The newly cleared land? Well, it’s now something really important. A parking lot, in a section of town where nobody needs one.

You know what Joni Mitchell said about that many years ago. “They paved paradise and put in a parking lot.”

The picture. Oh, I made it probably in 2011. Just about the time the motor court was torn down and just before I left for the swampy climes of New Orleans. After all, who needed my dry alligator skin, when I could have real alligators?

I tinkered with the image again. As usual. Because somebody I know is going to ask. First, I bleached the picture. Then I brought the color saturation down. Then, I brought the red up slightly. I added a rust-like filter. I added a folded gray paper filter. Then, I re-desaturated it and added a little corner darkness.

If you want to know why I did all these things, ask me. There really is a thought process behind it. It isn’t about just adding filters to make a bad picture worse. I see that all the time on Instagram. Always remember, and never forget, it starts with the subject itself, And, as buddy of mine says, “if you want better pictures stand in front of better stuff.” He single-handedly turned a little town in Kansas into an arts mecca.





      1. Well, if you poke around my older work from the days when I lived there, you’d notice that my way of working for myself is exploring every nook and cranny. I’ve probably been to all their locations at least three times.

        Liked by 1 person

    1. It seems like ATL is turning like NOLA everyday. You can’t keep your streets working either. 🙂 We only think the saved the sign. The City of ABQ is very tricky. We separated our trash into all sorts of things glass, xcans…you know. One day I happened to go to the city dump. Every truck went to the same place. Sheesh. BTW, there is nothing like a 24 and an 85 on the street. 🙂


      1. Oh no…I’ve heard that same story when we lived in the D.C. area. All the carefully cleaned and separated recylables collected each week from the curb and all dumped in the same heap. Maddening. I still can’t put a plastic coke bottle in the regular trash – it kills me. I think we’re stuck with this madness. 🙂


      2. We have no recycling in New Orleans. Mostly people just throw stuff in the street. Even for big stuff. You drag your old broken down couch to the curb. An hour or so later it will be gone.


  1. I have no problem at all with adding filters or textures or whatever. In fact, I like what you did with this image. It says retro or historical to me. I also love that quote “if you want better pictures stand in front of better stuff.” I keep looking for better stuff but you can’t beat Route 66. From California to Arizona is the furthest I’ve gone. But we are planning- well, talking- about driving all the way to Chicago on it one of these days!

    Liked by 1 person

    1. You know all the great ones controlled their pictures. Ansel Adams is probably the name everybody knows. He created an entire system of exposure, development and printing to get what he wanted from an image. Better stuff… it depends on where you are based and where you want to go. I’m never satisfied here and I live in New Orleans. Think about this, I can say “I think I’ll go wander around the French Quarter after dinner,” and not be satisfied. 🙂 People come from all over the world to do that.

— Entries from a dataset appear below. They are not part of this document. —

(* one step along an edge: from segment d to the next segment through a crossing *)
Definition estep (d d' : D) : bool :=
  is_xnode (node (alpha d)) && (d' == sigma (sigma (alpha d))).

Definition edge_ok (e : E G) : bool :=
  match epath e with
  | [::] => false
  | d0 :: s => [&& node d0 == inl (esrc e),
                   node (alpha (last d0 s)) == inl (etgt e),
                   esrc e != etgt e & path estep d0 s]
  end.

Definition edarts (e : E G) : seq D := epath e ++ map alpha (epath e).

Definition endpoints (e : E G) : seq (V G) := [:: esrc e; etgt e].

Definition nadj : rel (V G + X G) :=
  fun n n' => [exists d, (node d == n) && (node (alpha d) == n')].

Definition isolated (n : V G + X G) : bool := [forall d, node d != n].

Definition face_root (d : D) : bool := froot phi d == d.
Definition nfaces : nat := #|[pred d | face_root d]|.

Definition drawing_ok : Prop :=
  (forall d, alpha (alpha d) = d /\ alpha d <> d) /\
      injective sigma /\
      (forall d, node (sigma d) = node d) /\
      (forall d d', node d = node d' -> fconnect sigma d d') /\
      (forall x : X G, #|[pred d | node d == inr x]| = 4) /\
      (forall e : E G, edge_ok e) /\
      (forall d, \sum_(e : E G) count_mem d (edarts e) = 1) /\
      (forall d e e', is_xnode (node d) -> d \in edarts e ->
          sigma d \in edarts e' ->
          e != e' /\ [seq v <- endpoints e | v \in endpoints e'] = [::]) /\
      (* Euler's formula, component by component: genus 0 *)
      #|V G| + #|X G| + nfaces + #|[pred n | isolated n]|
        = #|D| %/ 2 + 2 * n_comp nadj predT.

Definition connected_drawing : Prop := forall n n', connect nadj n n'.

Definition three_plane : Prop := forall e : E G, size (epath e) <= 4.

Definition in_cell (f d : D) : bool := fconnect phi f d.
(* ||c|| = edge-segment incidences + vertex incidences along the boundary walk *)
Definition csize (f : D) : nat :=
  #|[pred d | in_cell f d]| + #|[pred d | in_cell f d && is_vnode (node d)]|.

Definition nvx (f : D) := #|[pred d | in_cell f d && is_vnode (node d)]|.
Definition nxx (f : D) := #|[pred d | in_cell f d && is_xnode (node d)]|.
Definition ninner (f : D) :=
  #|[pred d | in_cell f d && is_xnode (node d) && is_xnode (node (alpha d))]|.
Definition nouter (f : D) :=
  #|[pred d | in_cell f d && ~~ (is_xnode (node d) && is_xnode (node (alpha d)))]|.
(* The heart of the matter is that, for closed C, every limiting normal to
   T_C(x) at any w is a limiting normal to C at x.  Limiting normal cones are
   closed, so it suffices to take a regular normal v to T_C(x) at w.  Because v
   is a regular normal, for small tau the points of T_C(x) in the Euclidean ball
   around u = w + tau v through w lie within eta tau of w.  Let t_k -> 0 and
   w_k -> w with x + t_k w_k in C, and project u onto the blow-ups (C - x)/t_k.
   Cluster points of the projections q_k are tangent vectors in that ball, so
   q_k comes within 2 eta tau of w for infinitely many k; for such k,
   (u - q_k)/tau is a proximal, hence regular, normal to C at x + t_k q_k, and
   it is within 2 eta of v.
   The theorem follows by induction along T^k = T_{T^(k-1)}(v_k), using
   T_{T_D(y)}(0) = T_D(y) for the closed cone T_D(y). *)

From HB Require Import structures.
From mathcomp Require Import all_boot all_order all_algebra.
From mathcomp Require Import all_classical all_reals all_analysis.
From mathcomp Require Import ring lra.
Set Implicit Arguments. Unset Strict Implicit. Unset Printing Implicit Defensive.
Import Order.TTheory GRing.Theory Num.Theory Num.Def.
Import numFieldNormedType.Exports.
Local Open Scope classical_set_scope.
Local Open Scope ring_scope.

Lemma closed_normP (K : numFieldType) (V : normedModType K) (A : set V) :
  closed A <->
  forall q, (forall e : K, 0 < e -> exists2 y, A y & `|y - q| < e) -> A q.
Proof.
split=> [cA q Aq|Aclosed q clq].
  apply: cA => B /nbhs_ballP [e e0 qeB].
  have [y Ay yq] := Aq e e0; exists y; split => //; apply: qeB.
  by rewrite -ball_normE /ball_ /= distrC.
apply: Aclosed => e e0; have [y [Ay]] := clq _ (nbhsx_ballx q e e0).
by rewrite -ball_normE /ball_ /= distrC; exists y.
Qed.

Lemma cluster_sub_closed (T : topologicalType) (F : set_system T) (A : set T) :
  closed A -> F A -> cluster F `<=` A.
Proof. by move=> cA FA q; rewrite clusterE (closure_id A).1 //; apply. Qed.

Lemma cluster_seq_le (T : topologicalType) (K : realFieldType) (u : nat -> T)
    (f : T -> K) c q :
  continuous f -> cluster (u @ \oo) q -> (\forall k \near \oo, f (u k) <= c) ->
  f q <= c.
Proof.
move=> fc uq ufc; have uA : (u @ \oo) [set p | f p <= c] := ufc.
apply: (cluster_sub_closed _ uA uq).
by apply: (@preimage_closed _ _ f [set r | r <= c]) => [p _|];
  [exact: fc | exact: closed_le].
Qed.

      1. Tell you what. You go wander around the French Quarter, I’ll head on down to the Vegas strip. The secret is to treat your home territory as if you’re a tourist. Whenever I’ve done that, I’ve come up with one or two good shots.


      2. Gee, after 40 years of doing this I would have thought… 🙂 but, I come from the Magnum, Agency VII nexus. Doing that is exactly backwards for me. I want to get to the heart of things. I did tourism a long time ago… I try very hard not to do that even when I am traveling.

        Liked by 1 person

      3. Well, I agree with you about the tourism comment. What I meant to say was look at where you live as a stranger might.


      4. Okay. Not for me though.The idea is to get is to get inside, not look at a place from the outside. Why don’t you make a picture that shows us something that isn’t about the “glitz.” May I suggest something deep inside that huge Chinatown?


      5. Well, to tell you the truth, I don’t think I’ve been on the strip in over a year. I like going out into the desert more. But Chinatown does sound like a possibility.